Podcast Episode 019: Aviation Geek Wishes Come True


Welcome to Episode 019 of the #PaxEx Podcast. Our guest for this episode is David Parker Brown, founder and editor of the hugely popular Airline Reporter news and reviews web site. David is also renowned among the aviation geek community for launching the Aviation Geek Fest with the Future of Flight, Museum of Flight and Boeing.

In this episode, co-hosts Max Flight and Mary Kirby learn about David’s passenger experience aboard the brand new Qatar Airways Airbus A380; he tells us that small touches can make a big difference to #PaxEx (and describes what that snazzy upper deck bar is like). We also discuss the forthcoming Qatar A350 delivery; this is the very first delivery of this new-design aircraft, and journalists from all over the world are preparing to descend on Toulouse next week to witness this memorable occasion.

Next, the industry has been buzzing about Korean Air’s “nutgate” saga, where a Korean Air VP responsible for cabin service went nuts on flight crew after receiving macadamia nuts in a bag instead of a dish. We discuss the fall-out to Korean Air, and consider the very high expectations of today’s premium traveler.

Last but not least, we get the low-down from David about Aviation Geek Fest 2015. This event draws hundreds of AvGeeks to Seattle each year, and sells out online in three minutes! Mark your calendars and get ready for some fast finger action; the next Aviation geek Fest in February is sure to be spectacular.

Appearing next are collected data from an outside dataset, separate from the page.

(* Let $Q$ be a real affine space modelled on a real vector space $V$. For all $f,f'\in A(Q)$, all $n\in\mathbb N$, $q\in Q$ and $v_1,\dots,v_n\in V$, $$\delta^n(ff')(q;v_1,\dots,v_n)=\sum_{\substack{(I,I')\\ I\cup I'=N}}\delta^{|I|}f(q;\mathbf v^{I})\,\delta^{|I'|}f'(q;\mathbf v^{I'}),$$ where the sum runs over all ordered pairs $(I,I')$ of (possibly empty, possibly overlapping) subsets of $N=\{1,\dots,n\}$ with $I\cup I'=N$.
   Context: $A(Q)$ is the space of real functions on $Q$; $ff'$ is the pointwise product. For $I=\{i_1<\dots<i_m\}\subset N$, $\mathbf v^I=(v_{i_1},\dots,v_{i_m})$. The $m$-th polarization of $f\in A(Q)$ is $\delta^0f=f$ (so $\delta^0 f(q;\mathbf v^\emptyset)=f(q)$) and for $m\ge1$ $$\delta^m f(q;w_1,\dots,w_m)=(-1)^m\sum_{J\subset\{1,\dots,m\}}(-1)^{|J|}f\Big(q+\sum_{j\in J}w_j\Big),$$ the term for $J=\emptyset$ being $f(q)$. *)

From HB Require Import structures.
From mathcomp Require Import all_boot all_order all_algebra.
From mathcomp Require Import reals.
Set Implicit Arguments. Unset Strict Implicit. Unset Printing Implicit Defensive.
Import Order.TTheory GRing.Theory Num.Theory.
Local Open Scope ring_scope.

Definition is_affine_space (R : realType) (V : lmodType R) (Q : Type)
    (act : Q -> V -> Q) : Prop :=
  [/\ (forall q, act q 0 = q),
      (forall q v w, act (act q v) w = act q (v + w)) &
      (forall q q', exists! v, act q v = q')].

Definition polarization (R : realType) (V : lmodType R) (Q : Type)
    (act : Q -> V -> Q) (m : nat) (f : Q -> R) (q : Q) (w : 'I_m -> V) : R :=
  (-1) ^+ m * \sum_(J : {set 'I_m}) (-1) ^+ #|J| * f (act q (\sum_(j in J) w j)).

(* v^I = (v_{i_1},...,v_{i_k}) for I = {i_1 < ... < i_k}; enum I lists I in
   increasing order. *)
Definition subvec (V : Type) (n : nat) (v : 'I_n -> V) (I : {set 'I_n})
    : 'I_#|I| -> V :=
  fun k => v (enum_val k).
Arguments subvec {V n} v I k.
Arguments polarization {R V Q} act m f q w.

From HB Require Import structures.
From mathcomp Require Import all_boot all_order all_algebra.
From mathcomp Require Import reals.
Import Order.TTheory GRing.Theory Num.Theory.
Local Open Scope ring_scope.
Set Implicit Arguments. Unset Strict Implicit.

(* With h K := f (q + sum_(j in K) v_j), the polarization delta^|I| f (q; v^I) is
   the Möbius transform [mobius h I] of h on the lattice of subsets of N.  Its
   inverse, the zeta transform (summation over subsets), maps the union
   convolution of two set functions to their pointwise product, because the pairs
   (I, I') with I :|: I' \subset K are exactly those with I, I' \subset K.  With h' defined
   from f' likewise, h h' = zeta (mobius h) * zeta (mobius h')
   = zeta (union_conv (mobius h) (mobius h')), and applying [mobius] gives the
   formula.  Möbius inversion itself rests on the
   alternating sum of (-1)^|I| over an interval A \subset I \subset B vanishing
   unless A = B, since toggling a point of B :\: A reverses the sign. *)

Definition toggle (T : finType) (x : T) (I : {set T}) : {set T} :=
  if x \in I then I :\ x else x |: I.

Section Toggle.
Variables (T : finType) (x : T).

Lemma in_toggle (I : {set T}) y : (y \in toggle x I) = (y == x) (+) (y \in I).
Proof.
rewrite /toggle; case: (boolP (x \in I)) => xI; rewrite !inE;
  by case: (eqVneq y x) => [->|]; rewrite ?xI ?(negbTE xI).
Qed.

Lemma toggleK : involutive (toggle x).
Proof. by move=> I; apply/setP => y; rewrite !in_toggle addbA addbb. Qed.

Lemma sign_card_toggle (R : pzRingType) (I : {set T}) :
  (-1 : R) ^+ #|toggle x I| = - (-1) ^+ #|I|.
Proof.
rewrite /toggle; case: (boolP (x \in I)) => xI.
  by rewrite [in RHS](cardsD1 x I) xI add1n exprS mulN1r opprK.
by rewrite cardsU1 xI add1n exprS mulN1r.
Qed.

Lemma subset_toggle (A I : {set T}) : x \notin A -> (A \subset toggle x I) = (A \subset I).
Proof.
move=> xA; apply/subsetP/subsetP => sub y yA; have := sub y yA;
  by rewrite in_toggle (negbTE (memPn xA y yA)).
Qed.

Lemma toggle_subset (B I : {set T}) : x \in B -> (toggle x I \subset B) = (I \subset B).
Proof.
move=> xB; apply/subsetP/subsetP => sub y; have := sub y;
  case: (eqVneq y x) => [-> //|/negbTE neq]; by rewrite in_toggle neq.
Qed.

Lemma sum_toggle_odd (V : zmodType) (P : pred {set T}) (F : {set T} -> V) :
  (forall I, P (toggle x I) = P I) -> (forall I, F (toggle x I) = - F I) ->
  \sum_(I | P I) F I = 0.
Proof.
move=> Ptoggle Ftoggle; rewrite (bigID (fun I : {set T} => x \in I)) /=.
rewrite [X in _ + X](reindex_inj (can_inj toggleK)) /=.
under [X in _ + X]eq_big => [I|I _].
- by rewrite Ptoggle in_toggle eqxx negbK over.
- by rewrite Ftoggle over.
by rewrite sumrN addrN.
Qed.

End Toggle.

Lemma sum_sign_interval (R : pzRingType) (T : finType) (A B : {set T}) :
  \sum_(I : {set T} | (A \subset I) && (I \subset B)) (-1 : R) ^+ #|I| =
  if A == B then (-1) ^+ #|A| else 0.
Proof.
have [<-|neqAB] := eqVneq A B.
  by rewrite (big_pred1 A) // => I; rewrite /= eqEsubset andbC.
have [sAB|nsAB] := boolP (A \subset B); last first.
  rewrite big_pred0 // => I; apply/negbTE; apply: contra nsAB.
  by case/andP; apply: subset_trans.
have /set0Pn[x] : B :\: A != set0.
  by rewrite setD_eq0; apply: contra neqAB => sBA; rewrite eqEsubset sAB.
rewrite inE => /andP[xA xB].
apply: (sum_toggle_odd (x := x)) => I; last exact: sign_card_toggle.
by rewrite subset_toggle // toggle_subset.
Qed.

Section SubsetTransforms.
Variables (R : pzRingType) (T : finType).
Implicit Types (g h : {set T} -> R) (I J K : {set T}).

Definition zeta g I : R := \sum_(K : {set T} | K \subset I) g K.

Definition mobius h I : R :=
  (-1) ^+ #|I| * \sum_(K : {set T} | K \subset I) (-1) ^+ #|K| * h K.

Definition union_conv g h J : R :=
  \sum_(I : {set T}) \sum_(I' : {set T} | I :|: I' == J) g I * h I'.

Lemma eq_mobius h h' : h =1 h' -> mobius h =1 mobius h'.
Proof. by move=> eq_h I; congr (_ * _); apply: eq_bigr => K _; rewrite eq_h. Qed.

Lemma sum_sign_subset_chain (F : {set T} -> R) I :
  \sum_(J : {set T} | J \subset I) (-1) ^+ #|J| * \sum_(K : {set T} | K \subset J) F K =
  (-1) ^+ #|I| * F I.
Proof.
under eq_bigr do rewrite big_distrr /=.
rewrite (exchange_big_dep (fun K => K \subset I)) /=; last first.
  by move=> J K sJI sKJ; apply: subset_trans sJI.
under eq_bigr => K _.
  rewrite (eq_bigl (fun J => (K \subset J) && (J \subset I))); last by move=> J; apply: andbC.
  by rewrite -big_distrl sum_sign_interval over.
rewrite (bigD1 I) //= eqxx big1 ?addr0 // => K /andP[_ /negbTE ->].
by rewrite mul0r.
Qed.

Lemma zeta_mobius h I : zeta (mobius h) I = h I.
Proof. by rewrite /zeta /mobius sum_sign_subset_chain signrMK. Qed.

Lemma mobius_zeta g I : mobius (zeta g) I = g I.
Proof. by rewrite /zeta /mobius sum_sign_subset_chain signrMK. Qed.

Lemma zeta_union_conv g h K : zeta (union_conv g h) K = zeta g K * zeta h K.
Proof.
rewrite /zeta /union_conv big_distrlr /= exchange_big [RHS]big_mkcond /=.
apply: eq_bigr => I _.
rewrite (exchange_big_dep predT) //=.
under eq_bigr => I' _.
  rewrite big_andbC big_mkcondr /= (big_pred1 (I :|: I')); last by move=> J; apply: eq_sym.
  over.
rewrite -big_mkcond /=.
under eq_bigl => I' do rewrite subUset.
by case: (I \subset K) => //=; rewrite big_pred0.
Qed.

Lemma mobiusM h h' :
  mobius (fun K => h K * h' K) =1 union_conv (mobius h) (mobius h').
Proof.
move=> J; rewrite -[RHS]mobius_zeta; apply: eq_mobius => K.
by rewrite zeta_union_conv !zeta_mobius.
Qed.

End SubsetTransforms.

Lemma sum_subset_enum (V : nmodType) (T : finType) (A : {set T}) (F : {set T} -> V) :
  \sum_(K : {set T} | K \subset A) F K =
  \sum_(J : {set 'I_#|A|}) F [set enum_val j | j in J].
Proof.
rewrite (reindex (fun J : {set 'I_#|A|} => [set enum_val j | j in J])) /=.
  by apply: eq_bigl => J; apply/subsetP => _ /imsetP[j _ ->]; apply: enum_valP.
exists (fun K : {set T} => (@enum_val _ (mem A)) @^-1: K) => [J _|K].
  by apply/setP => j; rewrite inE mem_imset //; apply: enum_val_inj.
rewrite inE => sKA; apply/setP => y; apply/imsetP/idP => [[j]|yK].
  by rewrite inE => jK ->.
have yA := subsetP sKA y yK.
by exists (enum_rank_in yA y); rewrite ?inE enum_rankK_in.
Qed.

Section Polarization.
Variables (R : realType) (V : lmodType R) (Q : Type) (act : Q -> V -> Q)
          (f : Q -> R) (q : Q) (n : nat) (v : 'I_n -> V).

Lemma polarization_subvecE (I : {set 'I_n}) :
  polarization act #|I| f q (subvec v I) =
  mobius (fun K => f (act q (\sum_(j in K) v j))) I.
Proof.
rewrite /polarization /mobius sum_subset_enum; congr (_ * _); apply: eq_bigr => J _.
rewrite card_imset; last exact: enum_val_inj.
by rewrite big_imset //; move=> j1 j2 _ _; apply: enum_val_inj.
Qed.

Lemma polarizationE :
  polarization act n f q v = mobius (fun K => f (act q (\sum_(j in K) v j))) setT.
Proof.
rewrite /polarization /mobius cardsT card_ord; congr (_ * _).
by apply: eq_bigl => K; rewrite subsetT.
Qed.

End Polarization.

Theorem proposition3 (R : realType) (V : lmodType R) (Q : Type)
    (act : Q -> V -> Q) (haff : is_affine_space act)
    (f f' : Q -> R) (n : nat) (q : Q) (v : 'I_n -> V) :
  polarization act n (fun x => f x * f' x) q v =
  \sum_(I : {set 'I_n}) \sum_(I' : {set 'I_n} | I :|: I' == setT)
     polarization act #|I| f q (subvec v I) * polarization act #|I'| f' q (subvec v I').
Proof.
rewrite polarizationE (mobiusM (fun K => f _) (fun K => f' _)).
by apply: eq_bigr => I _; apply: eq_bigr => I' _; rewrite !polarization_subvecE.
Qed.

  1. Pingback: Lastest Aviation News | The New Peoples Almanac

  2. Kerry Kenner

    David Brown has done a great job with the AvGeek Festival. For the past few years I have wanted to go but scheduling wasn’t possible, but this year I will be poised at the keyboard when the tickets go on sale.

    For those more interested in history of airlines, there is another group, the World Airline Historical Society which holds an annual Airliners International Convention. When I first became aware of their organization I was able to go to the one in Washington, DC in 1983. At the time my wife said it would be a couple of nerdy guys staring at airplanes through the fence. However, there were around 1,000 people at the banquet. Tours included the Concorde – we were taken out to the grass area between the runway and taxiway at Dulles to take pictures of the Concorde arriving. After the passengers deplaned we were let aboard for a tour. One of the door prizes was a flight to London on the Concorde. The event continues, but 9/11 has greatly reduced the scope of activities.